Electronic environments in carrollite, CuCo2S4, determined by soft X-ray photoelectron and absorption spectroscopy

Fracture surfaces of a natural carrollite specimen have been characterised by synchrotron and conventional X-ray photoelectron spectroscopy and near-edge X-ray absorption spectroscopy. For the synchrotron X-ray measurements, the mineral surfaces were prepared under clean ultra high vacuum and were unoxidised. The characterisation was undertaken primarily to establish unequivocally the oxidation state of the Cu in the mineral, but also to obtain information on the electronic environments of the Co and S, and on the surface species. Experimental and simulated Cu L_2,3-edge absorption spectra confirmed an oxidation state of Cu^I, while Co 2p photoelectron and Co L_2,3 absorption spectra were largely consistent with the Co^III established previously by nuclear magnetic resonance spectroscopy.

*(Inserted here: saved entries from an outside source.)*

(* Let $\ket\psi$ be a pure $n$-qubit state and $t\ge1$. With $p_t$ the output distribution of the $t$-copy hidden cut circuit on $\ket\psi$, we have $p_t = p_1^{\ast t} = p_1\ast\cdots\ast p_1$ ($t$ factors), where $(f\ast g)(\bm x)=\sum_{\bm x'\in\{0,1\}^n} f(\bm x')\,g(\bm x\oplus\bm x')$. Equivalently $p_t=\mathcal F^{-1}\bigl[\mathcal F[p_1]^t\bigr]$ with $\mathcal F[f](\bm s)=\sum_{\bm x}(-1)^{\bm x\cdot\bm s}f(\bm x)$ and $\mathcal F^{-1}[\hat f](\bm x)=2^{-n}\sum_{\bm s}(-1)^{\bm x\cdot\bm s}\hat f(\bm s)$.
   Context: $\oplus$ is bitwise addition mod 2, and $\bm x\cdot\bm s$ is the dot product mod 2. $\mathrm{SWAP}_{\bm s}$ acts on two copies of the $n$-qubit space by swapping the qubits of subsystem $\bm s$ (bitstring $\bm s\in\{0,1\}^n$, qubit $j$ included iff $s_j=1$) between the copies. The $t$-copy hidden cut circuit: an $n$-qubit group register is initialized to $\ket{0^n}$ and a state register to $(\ket\psi\ket\psi)^{\otimes t}$; apply $H^{\otimes n}$ to the group register; apply $\sum_{\bm s}\ket{\bm s}\bra{\bm s}\otimes \mathrm{SWAP}_{\bm s}^{\otimes t}$; apply $H^{\otimes n}$ to the group register; measure the group register in the computational basis; $p_t$ denotes the resulting distribution. *)

(* Amplitudes live in an arbitrary numClosedFieldType C
   (e.g. algC, or complex R for R : rcfType), which contains the complex numbers case. *)
From mathcomp Require Import all_boot all_order all_algebra.
Set Implicit Arguments. Unset Strict Implicit. Unset Printing Implicit Defensive.
Import Order.TTheory GRing.Theory Num.Theory.
Local Open Scope ring_scope.

(* n-bit strings; bit i is qubit i *)
Definition bits (n : nat) := {ffun 'I_n -> bool}.
Definition zerob (n : nat) : bits n := [ffun _ => false].
Definition xorv (n : nat) (x y : bits n) : bits n := [ffun i => x i (+) y i].
Definition dotb (n : nat) (x s : bits n) : bool :=
  \big[addb/false]_(i < n) (x i && s i).

(* computational basis of the state register (|psi>|psi>)^{(x) t}:
   t pairs (first copy, second copy) of n-bit strings *)
Definition sreg (n t : nat) := {ffun 'I_t -> bits n * bits n}.

(* SWAP_s on a basis state |a>|b> of two copies: swap qubit j iff s_j = 1 *)
Definition swapS (n : nat) (s : bits n) (ab : bits n * bits n) : bits n * bits n :=
  ([ffun j => if s j then ab.2 j else ab.1 j],
   [ffun j => if s j then ab.1 j else ab.2 j]).
Definition swapT (n t : nat) (s : bits n) (k : sreg n t) : sreg n t :=
  [ffun j => swapS s (k j)].

Section Circuit.
Variable C : numClosedFieldType.
Variables n t : nat.

(* joint vector on group register (x) state register *)
Definition cvec := bits n * sreg n t -> C.

(* amplitude of (|psi>|psi>)^{(x) t} *)
Definition prodstate (psi : bits n -> C) (k : sreg n t) : C :=
  \prod_(j < t) (psi (k j).1 * psi (k j).2).

Definition init_state (psi : bits n -> C) : cvec :=
  fun gk => (gk.1 == zerob n)%:R * prodstate psi gk.2.

Definition hadamardN (g g' : bits n) : C :=
  \prod_(i < n) ((sqrtC 2)^-1 * (-1) ^+ (g i && g' i)).

Definition applyH (v : cvec) : cvec :=
  fun gk => \sum_(g' : bits n) hadamardN gk.1 g' * v (g', gk.2).

(* sum_s |s><s| (x) SWAP_s^{(x) t}  (SWAP acts as a basis permutation) *)
Definition applyCSWAP (v : cvec) : cvec :=
  fun gk => \sum_(k : sreg n t) (swapT gk.1 k == gk.2)%:R * v (gk.1, k).

(* output distribution p_t of the t-copy hidden cut circuit (Born rule) *)
Definition hidden_cut_dist (psi : bits n -> C) : bits n -> C :=
  fun x => \sum_(k : sreg n t)
             `| applyH (applyCSWAP (applyH (init_state psi))) (x, k) | ^+ 2.
End Circuit.

Section Fourier.
Variable C : numClosedFieldType.
Variable n : nat.

Definition bconv (f g : bits n -> C) : bits n -> C :=
  fun x => \sum_(x' : bits n) f x' * g (xorv x x').

(* f^{*t} = f * ... * f  (t factors, t >= 1) *)
Definition convpow (f : bits n -> C) (t : nat) : bits n -> C :=
  iter t.-1 (bconv f) f.

Definition fourier (f : bits n -> C) : bits n -> C :=
  fun s => \sum_(x : bits n) (-1) ^+ (dotb x s) * f x.

Definition ifourier (fh : bits n -> C) : bits n -> C :=
  fun x => (2%:R ^+ n)^-1 * \sum_(s : bits n) (-1) ^+ (dotb x s) * fh s.
End Fourier.

From mathcomp Require Import all_boot all_order all_algebra.
From mathcomp Require Import ring.
From Stdlib Require Import FunctionalExtensionality.
Set Implicit Arguments.
Unset Strict Implicit.
Unset Printing Implicit Defensive.
Import GRing.Theory Num.Theory.
Local Open Scope ring_scope.

(* Up to the factor [2^-n] from the two Hadamard layers, the output amplitude at
   [(x, k)] is [sum_s chi(x, s) psi^(2t)(SWAP_s k)], where chi is the character
   [(-1)^(x.s)] of the group [(Z/2)^n].  Expanding the squared modulus and summing
   over the state register [k], each cross term [(s, s')] contributes
   [G(s + s')^t], where [G(u) = <psi psi| SWAP_u |psi psi>] is the single-copy
   overlap, because the state register is a product of [t] identical pairs.
   Orthogonality of characters then gives [p_t = F^-1 [G^t]].  Hence
   [F [p_1] = G], and the convolution theorem [F^-1 a * F^-1 b = F^-1 (a b)]
   turns [G^t] into the [t]-fold convolution power of [p_1]. *)

Lemma sum_delta (R : pzSemiRingType) (T : finType) (a : T) (F : T -> R) :
  \sum_(x : T) (x == a)%:R * F x = F a.
Proof.
rewrite (bigD1 a) //= eqxx mul1r big1 ?addr0 // => x /negbTE->.
by rewrite mul0r.
Qed.

(* [rmorphM] and [rmorph_sum] would expose the canonical morphism instead of
   [_^*], and [conj_hscale] and [conj_bchar] would then no longer match. *)
Lemma conjCM (C : numClosedFieldType) (a b : C) : (a * b)^* = a^* * b^*.
Proof. exact: rmorphM. Qed.

Lemma conjC_sum (C : numClosedFieldType) (I : finType) (F : I -> C) :
  (\sum_i F i)^* = \sum_i (F i)^*.
Proof. exact: rmorph_sum. Qed.

Lemma xorvK n (s : bits n) : involutive (xorv s).
Proof. by move=> u; apply/ffunP => j; rewrite !ffunE addKb. Qed.

Section Characters.
Variable C : numClosedFieldType.
Variable n : nat.

Definition bchar (x s : bits n) : C := \prod_(i < n) (-1) ^+ (x i && s i).

Lemma sign_dotb (x s : bits n) : (-1) ^+ dotb x s = bchar x s.
Proof.
apply: (big_morph (fun b : bool => (-1) ^+ b : C)); last by rewrite expr0.
exact: signr_addb.
Qed.

Lemma bcharC x s : bchar x s = bchar s x.
Proof. by apply: eq_bigr => i _; rewrite andbC. Qed.

Lemma bchar_xorr x s u : bchar x (xorv s u) = bchar x s * bchar x u.
Proof.
rewrite /bchar -big_split /=; apply: eq_bigr => i _.
by rewrite ffunE -signr_addb; case: (x i); case: (s i); case: (u i).
Qed.

Lemma bchar_xorl x y s : bchar (xorv x y) s = bchar x s * bchar y s.
Proof. by rewrite bcharC bchar_xorr !(bcharC s). Qed.

Lemma bchar0 x : bchar x (zerob n) = 1.
Proof. by rewrite /bchar big1 // => i _; rewrite ffunE andbF. Qed.

Lemma bchar_mulss x s : bchar x s * bchar x s = 1.
Proof.
by rewrite /bchar -big_split /= big1 // => i _; rewrite -signr_addb addbb.
Qed.

Lemma conj_bchar x s : (bchar x s)^* = bchar x s.
Proof. by rewrite rmorph_prod; apply: eq_bigr => i _; rewrite rmorph_sign. Qed.

Lemma sum_bool_sign_mul (b c : bool) :
  \sum_(a : bool) (-1) ^+ (a && b) * (-1) ^+ (a && c) = (b == c)%:R *+ 2 :> C.
Proof.
rewrite big_bool; case: b; case: c => /=;
  by rewrite ?expr0 ?expr1 ?mulrNN ?mulr1 ?mul1r ?addNr ?subrr ?mul0rn ?mulr2n.
Qed.

Lemma bchar_orthogonal (s u : bits n) :
  \sum_(x : bits n) bchar x s * bchar x u = 2%:R ^+ n * (s == u)%:R.
Proof.
have -> : \sum_(x : bits n) bchar x s * bchar x u =
    \prod_(i < n) \sum_(b : bool) (-1) ^+ (b && s i) * (-1) ^+ (b && u i).
  by rewrite bigA_distr_bigA /=; apply: eq_bigr => x _; rewrite -big_split.
under eq_bigr do rewrite sum_bool_sign_mul.
have [<-|neq_su] := eqVneq s u.
  rewrite mulr1 -[n in _ ^+ n]card_ord -prodr_const.
  by apply: eq_bigr => i _; rewrite eqxx.
have [i neq_i] : exists i, s i != u i.
  apply/existsP; apply: contraR neq_su => /existsPn eq_su; apply/eqP/ffunP => i.
  by apply/eqP; rewrite -[_ == _]negbK eq_su.
by rewrite mulr0 (bigD1 i) //= (negbTE neq_i) mul0rn mul0r.
Qed.

Lemma two_expn_neq0 : 2%:R ^+ n != 0 :> C.
Proof. by rewrite expf_neq0 // pnatr_eq0. Qed.

Lemma ifourierE (g : bits n -> C) x :
  ifourier g x = (2%:R ^+ n)^-1 * \sum_s bchar x s * g s.
Proof. by congr (_ * _); apply: eq_bigr => s _; rewrite sign_dotb. Qed.

Lemma ifourierK : cancel (@ifourier C n) (@fourier C n).
Proof.
move=> g; apply: functional_extensionality => s; rewrite /fourier.
under eq_bigr do rewrite ifourierE sign_dotb mulrCA big_distrr /=.
rewrite -big_distrr /= exchange_big /=.
have collapse u : \sum_(x : bits n) bchar x s * (bchar x u * g u) =
    2%:R ^+ n * ((u == s)%:R * g u).
  rewrite mulrA eq_sym -bchar_orthogonal big_distrl.
  by apply: eq_bigr => x _; rewrite mulrA.
under eq_bigr do rewrite collapse.
by rewrite -big_distrr /= sum_delta mulrA mulVf ?two_expn_neq0 ?mul1r.
Qed.

Lemma bconv_ifourier (a b : bits n -> C) :
  bconv (ifourier a) (ifourier b) = ifourier (fun s => a s * b s).
Proof.
apply: functional_extensionality => x; rewrite /bconv ifourierE.
set c := (2%:R ^+ n : C)^-1.
have expand x' : ifourier a x' * ifourier b (xorv x x') =
    c * c * \sum_s \sum_u (a s * b u * bchar x u) * (bchar x' s * bchar x' u).
  rewrite !ifourierE -/c mulrACA big_distrlr /=; congr (_ * _).
  by apply: eq_bigr => s _; apply: eq_bigr => u _; rewrite bchar_xorl; ring.
under eq_bigr do rewrite expand.
rewrite -mulr_sumr exchange_big /=.
under eq_bigr do rewrite exchange_big /=.
under eq_bigr => s _ do under eq_bigr => u _ do
  rewrite -mulr_sumr bchar_orthogonal mulrC -!mulrA eq_sym.
under eq_bigr => s _ do rewrite -mulr_sumr sum_delta.
rewrite -mulr_sumr -mulrA mulKf ?two_expn_neq0 //; congr (_ * _).
by apply: eq_bigr => s _; rewrite mulrA mulrC.
Qed.

Lemma convpow_ifourier (g : bits n -> C) m :
  convpow (ifourier g) m.+1 = ifourier (fun s => g s ^+ m.+1).
Proof.
elim: m => [//|m IHm].
rewrite /convpow /= -/(convpow _ m.+1) IHm bconv_ifourier.
by congr ifourier; apply: functional_extensionality => s; rewrite exprS.
Qed.

End Characters.

Arguments bchar {C n}.

Lemma swapSK n (s : bits n) : involutive (swapS s).
Proof.
by move=> [a b]; congr (_, _); apply/ffunP => j; rewrite !ffunE; case: (s j).
Qed.

Lemma swapS_xorv n (s s' : bits n) ab :
  swapS s' (swapS s ab) = swapS (xorv s s') ab.
Proof.
by congr (_, _); apply/ffunP => j; rewrite !ffunE; case: (s j); case: (s' j).
Qed.

Lemma swapTK n t (s : bits n) : involutive (@swapT n t s).
Proof. by move=> k; apply/ffunP => j; rewrite !ffunE swapSK. Qed.

Lemma swapT_xorv n t (s s' : bits n) (k : sreg n t) :
  swapT s' (swapT s k) = swapT (xorv s s') k.
Proof. by apply/ffunP => j; rewrite !ffunE swapS_xorv. Qed.

Section Circuit.
Variable C : numClosedFieldType.
Variables n t : nat.
Variable psi : bits n -> C.

Definition hscale : C := (sqrtC 2)^-1 ^+ n.

Definition pair_amp (ab : bits n * bits n) : C := psi ab.1 * psi ab.2.

Definition swap_overlap (u : bits n) : C :=
  \sum_(ab : bits n * bits n) pair_amp ab * (pair_amp (swapS u ab))^*.

Lemma hadamardNE (g g' : bits n) : hadamardN C g g' = hscale * bchar g g'.
Proof. by rewrite /hadamardN big_split /= prodr_const card_ord. Qed.

Lemma hscale_sqr : hscale * hscale = (2%:R ^+ n)^-1.
Proof. by rewrite -exprMn -invfM -expr2 sqrtCK exprVn. Qed.

Lemma conj_hscale : hscale^* = hscale.
Proof. by apply: geC0_conj; rewrite exprn_ge0 // invr_ge0 sqrtC_ge0 ler0n. Qed.

Lemma circuit_amplitude x (k : sreg n t) :
  applyH (applyCSWAP (applyH (init_state psi))) (x, k) =
  hscale * hscale * \sum_(s : bits n) bchar x s * prodstate psi (swapT s k).
Proof.
rewrite /applyH /= mulr_sumr; apply: eq_bigr => s _; rewrite /applyCSWAP /=.
have swapT_eq k' : (swapT s k' == k) = (k' == swapT s k).
  by apply/eqP/eqP => [<-|->]; rewrite swapTK.
under eq_bigr do rewrite swapT_eq.
rewrite sum_delta /init_state /=.
under eq_bigr do rewrite mulrCA.
by rewrite sum_delta !hadamardNE bchar0 mulr1; ring.
Qed.

Lemma sum_prodstate_swapT (u : bits n) :
  \sum_(k : sreg n t) prodstate psi k * (prodstate psi (swapT u k))^* =
  swap_overlap u ^+ t.
Proof.
rewrite -[in RHS](card_ord t) -prodr_const.
rewrite (bigA_distr_bigA (fun _ ab => pair_amp ab * (pair_amp (swapS u ab))^*)).
apply: eq_bigr => k _; rewrite /prodstate rmorph_prod -big_split /=.
by apply: eq_bigr => j _; rewrite ffunE.
Qed.

Lemma hidden_cut_dist_ifourier :
  hidden_cut_dist t psi = ifourier (fun u => swap_overlap u ^+ t).
Proof.
apply: functional_extensionality => x; rewrite /hidden_cut_dist ifourierE.
under eq_bigr => k _ do rewrite circuit_amplitude normCK !conjCM conj_hscale
  conjC_sum mulrACA big_distrlr /=.
rewrite -mulr_sumr exchange_big /=.
under eq_bigr => s _ do rewrite exchange_big /=.
have cross_term s s' :
    \sum_(k : sreg n t) bchar x s * prodstate psi (swapT s k) *
      (bchar x s' * prodstate psi (swapT s' k))^* =
    bchar x s * bchar x s' * swap_overlap (xorv s s') ^+ t.
  rewrite -sum_prodstate_swapT mulr_sumr (reindex_inj (can_inj (swapTK s))) /=.
  by apply: eq_bigr => k _; rewrite conjCM conj_bchar swapTK swapT_xorv; ring.
under eq_bigr => s _ do under eq_bigr => s' _ do rewrite cross_term.
under eq_bigr => s _ do rewrite (reindex_inj (can_inj (xorvK s))) /=.
under eq_bigr => s _ do under eq_bigr => u _ do
  rewrite xorvK bchar_xorr mulrA bchar_mulss mul1r.
rewrite sumr_const card_ffun card_bool card_ord -[in LHS]mulr_natr natrX.
rewrite hscale_sqr.
by field; exact: two_expn_neq0.
Qed.

End Circuit.

Theorem mainTheorem3 (C : numClosedFieldType) (n t : nat) (psi : bits n -> C)
  (Hpsi : \sum_(a : bits n) `|psi a| ^+ 2 = 1) (Ht : (1 <= t)%N) :
  hidden_cut_dist t psi = convpow (hidden_cut_dist 1 psi) t /\
  hidden_cut_dist t psi = ifourier (fun s => fourier (hidden_cut_dist 1 psi) s ^+ t).
Proof.
have p1E : hidden_cut_dist 1 psi = ifourier (swap_overlap psi).
  by rewrite hidden_cut_dist_ifourier.
rewrite hidden_cut_dist_ifourier p1E ifourierK; split => //.
by case: t Ht => // m _; rewrite convpow_ifourier.
Qed.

S 2p photoelectron spectra provided no evidence for S to be present in the bulk in more than one state, and were consistent with an oxidation state slightly less negative than S^-II. Therefore it was concluded that carrollite can be best represented by Cu^ICo^III₂(S₄)^-VII. The Cu^I oxidation state is in agreement with that expected for Cu tetrahedrally coordinated by S, but is in disagreement with the Cu^II deduced previously from some magnetic, magnetic resonance and Cu L-edge X-ray absorption spectroscopic measurements. A significant concentration of S species with core electron binding energies both lower and higher than the bulk value were formed at fracture surfaces, and these entities were assigned to monomeric and oligomeric surface S species. The density of Cu d states calculated for carrollite differed from that previously reported but was consistent with the observed Cu L₃ X-ray absorption spectrum. The initial oxidation of carrollite in air under ambient conditions was confirmed to be congruent, unlike the incongruent reaction undergone by a number of non-thiospinel sulfide minerals.